Managing journal size

Current size

# --vacuum-size=100M
journalctl --vacuum-size=100M

Log cleanup

By size

# --vacuum-files=5
journalctl --vacuum-files=5

By time

# --vacuum-time=1d
journalctl --vacuum-time=1d

Note

Supported suffixes: s, m, h, days, weeks, months, years.

Persistent limits (in config)

Edit /etc/systemd/journald.conf:

- SystemMaxUse=1G
+ SystemMaxUse=500M

After changes:

systemctl restart systemd-journald

Note

Changes to journald.conf do not affect already accumulated logs — use --vacuum-* to clean up.

Advanced techniques

Search by content (with grep)

journalctl -u nginx | grep "error"

Event frequency analysis

journalctl --since "2023-01-01" --until "2023-01-31" | grep "error" | wc -l

Export and backup

journalctl -b -u docker --no-pager > docker_boot.log

Frequently Asked Questions

Q: Why does journalctl not show logs from previous reboots? A: Check whether Storage=persistent is enabled and whether /var/log/journal/ exists. Without this, logs are kept only in RAM /run.
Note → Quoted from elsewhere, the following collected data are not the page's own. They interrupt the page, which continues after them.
(* Let $n,k$ be integers with $1\le k\le n-2$ and let $c_0,\dots,c_{n-1}$ be real constants. For an ordered bid vector $b_1\ge\dots\ge b_n\ge 0$ define $r_i=c_0+c_1b_1+\dots+c_{i-1}b_{i-1}+c_ib_{i+1}+\dots+c_{n-1}b_n$ for $i=1,\dots,n$. Suppose that for every ordered bid vector $b_1\ge\dots\ge b_n\ge 0$ we have both $r_n\ge 0$ (IR$_u$) and $\sum_{i=1}^n r_i\le k\,b_k$ (Approx-IR$_M$). Then $c_i=0$ for $i=0,1,\dots,k-1$.
   Context: Here $r_i$ is the rebate given to the $i$-th highest included bidder in a block of $n$ included transactions of which the top $k$ are confirmed; $r_i$ depends only on the other bids, listed in decreasing order. *)

From mathcomp Require Import all_boot all_order all_algebra.
Set Implicit Arguments. Unset Strict Implicit. Unset Printing Implicit Defensive.
Import Order.TTheory GRing.Theory Num.Theory.
Local Open Scope ring_scope.

(* Bids are 1-indexed: b 1, ..., b n (values of b outside 1..n are irrelevant).
   Constants c 0, ..., c (n-1). *)

Definition ordered_bids (R : realFieldType) (n : nat) (b : nat -> R) : Prop :=
  (forall i, (1 <= i < n)%N -> b i.+1 <= b i) /\ (forall i, (1 <= i <= n)%N -> 0 <= b i).

Definition rebate (R : realFieldType) (n : nat) (c b : nat -> R) (i : nat) : R :=
  c 0%N + \sum_(1 <= j < i) c j * b j + \sum_(i <= j < n) c j * b j.+1.

(** Induction on [m < k]: once [c 0 = ... = c (m-1) = 0], feed in the bid vector
    [1, ..., 1, 0, ..., 0] whose first [m] entries are [1].  Then [r_n = c m], so
    IR gives [c m >= 0]; now every summand of every rebate is nonnegative, while
    Approx-IR bounds their total by [k * b_k = 0] because [m < k].  Hence
    [c m = r_n <= \sum_i r_i <= 0]. *)

From mathcomp Require Import all_boot all_order all_algebra.
From mathcomp Require Import zify.
Set Implicit Arguments. Unset Strict Implicit. Unset Printing Implicit Defensive.
Import Order.TTheory GRing.Theory Num.Theory.
Local Open Scope ring_scope.

Section Rebates.

Variables (R : realFieldType) (n : nat).

Lemma rebate_ge0 (c b : nat -> R) i :
  0 <= c 0%N -> (forall j, 0 <= c j * b j) -> (forall j, 0 <= c j * b j.+1) ->
  0 <= rebate n c b i.
Proof. by move=> c0 cb cb1; rewrite !addr_ge0 ?sumr_ge0. Qed.

Definition step_bids (m : nat) : nat -> R := fun j => (j <= m)%N%:R.

Lemma ordered_step_bids m : ordered_bids n (step_bids m).
Proof.
split=> i _; rewrite /step_bids ?ler0n //.
by rewrite ler_nat; case: leqP => // /ltnW ->.
Qed.

Variables (c : nat -> R) (m : nat).
Hypothesis c_prefix0 : forall j, (j < m)%N -> c j = 0.

Lemma mul_step_bids_ge0 j i :
  0 <= c m -> (j <= i)%N -> 0 <= c j * step_bids m i.
Proof.
move=> cm_ge0 le_ji; rewrite /step_bids; case: leqP => [le_im|_]; last by rewrite mulr0.
by rewrite mulr1; case: ltngtP (leq_trans le_ji le_im) => [/c_prefix0->|//|->].
Qed.

Lemma rebate_last_step_bids : (m < n)%N -> rebate n c (step_bids m) n = c m.
Proof.
move=> lt_mn.
have -> : rebate n c (step_bids m) n = \sum_(0 <= j < n) c j * step_bids m j.
  by rewrite /rebate (big_geq (leqnn n)) addr0 [RHS]big_ltn ?mulr1 ?(leq_ltn_trans _ lt_mn).
rewrite (bigD1_seq m) ?mem_index_iota ?iota_uniq //= big1 ?addr0.
  by rewrite /step_bids leqnn mulr1.
move=> j ne_jm; rewrite /step_bids.
by case: ltngtP ne_jm => // [/c_prefix0->|_] _; rewrite ?mul0r ?mulr0.
Qed.

End Rebates.

Section ApproxIR.

Variables (R : realFieldType) (n k : nat) (c : nat -> R).
Hypothesis lt_kn : (k < n)%N.
Hypothesis IR_u : forall b : nat -> R, ordered_bids n b -> 0 <= rebate n c b n.
Hypothesis approx_IR_M : forall b : nat -> R, ordered_bids n b ->
  \sum_(1 <= i < n.+1) rebate n c b i <= k%:R * b k.

Lemma coef_eq0_of_prefix0 m :
  (m < k)%N -> (forall j, (j < m)%N -> c j = 0) -> c m = 0.
Proof.
move=> lt_mk c_prefix0; pose b := step_bids R m.
have b_ordered : ordered_bids n b := ordered_step_bids R n m.
have rn_eq : rebate n c b n = c m.
  exact: rebate_last_step_bids c_prefix0 (ltn_trans lt_mk lt_kn).
have cm_ge0 : 0 <= c m by rewrite -rn_eq; apply: IR_u.
have r_ge0 i : 0 <= rebate n c b i.
  have cb_ge0 j l : (j <= l)%N -> 0 <= c j * b l.
    exact: (mul_step_bids_ge0 (j:=j) (i:=l) c_prefix0 cm_ge0).
  apply: rebate_ge0 => [|j|j]; rewrite ?cb_ge0 //.
  by have := cb_ge0 0%N 0%N isT; rewrite /b /step_bids mulr1.
have sum_le0 : \sum_(1 <= i < n.+1) rebate n c b i <= 0.
  by have := approx_IR_M b_ordered; rewrite /b /step_bids leqNgt lt_mk mulr0.
apply/eqP; rewrite eq_le cm_ge0 andbT -rn_eq (le_trans _ sum_le0) //.
by rewrite big_nat_recr ?lerDr ?sumr_ge0 // (leq_ltn_trans _ lt_kn).
Qed.

End ApproxIR.

Theorem claim2 (R : realFieldType) (n k : nat) (c : nat -> R) :
  (1 <= k)%N -> (k <= n - 2)%N ->
  (forall b : nat -> R, ordered_bids n b -> 0 <= rebate n c b n) ->
  (forall b : nat -> R, ordered_bids n b ->
     \sum_(1 <= i < n.+1) rebate n c b i <= k%:R * b k) ->
  forall i, (i < k)%N -> c i = 0.
Proof.
move=> k_ge1 le_kn2 IR_u approx_IR_M i.
have lt_kn : (k < n)%N by lia.
elim/ltn_ind: i => i IHi lt_ik.
apply: (coef_eq0_of_prefix0 lt_kn IR_u approx_IR_M lt_ik) => j lt_ji.
exact: IHi lt_ji (ltn_trans lt_ji lt_ik).
Qed.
Q: How do I disable journald and revert to rsyslog? A: You cannot completely disable journald (it's part of systemd), but you can: - Redirect logs to rsyslog via /etc/systemd/journald.conf or by using systemd-journald with SystemMaxUse=0 to disable logging. - Or disable journald as a source for rsyslog, leaving only it.

Q: Can logs be encrypted? A: journald does not support encryption out of the box. For this, use: - logrotate + gpg, - Or third‑party SIEM systems (Graylog, ELK, Loki + Promtail).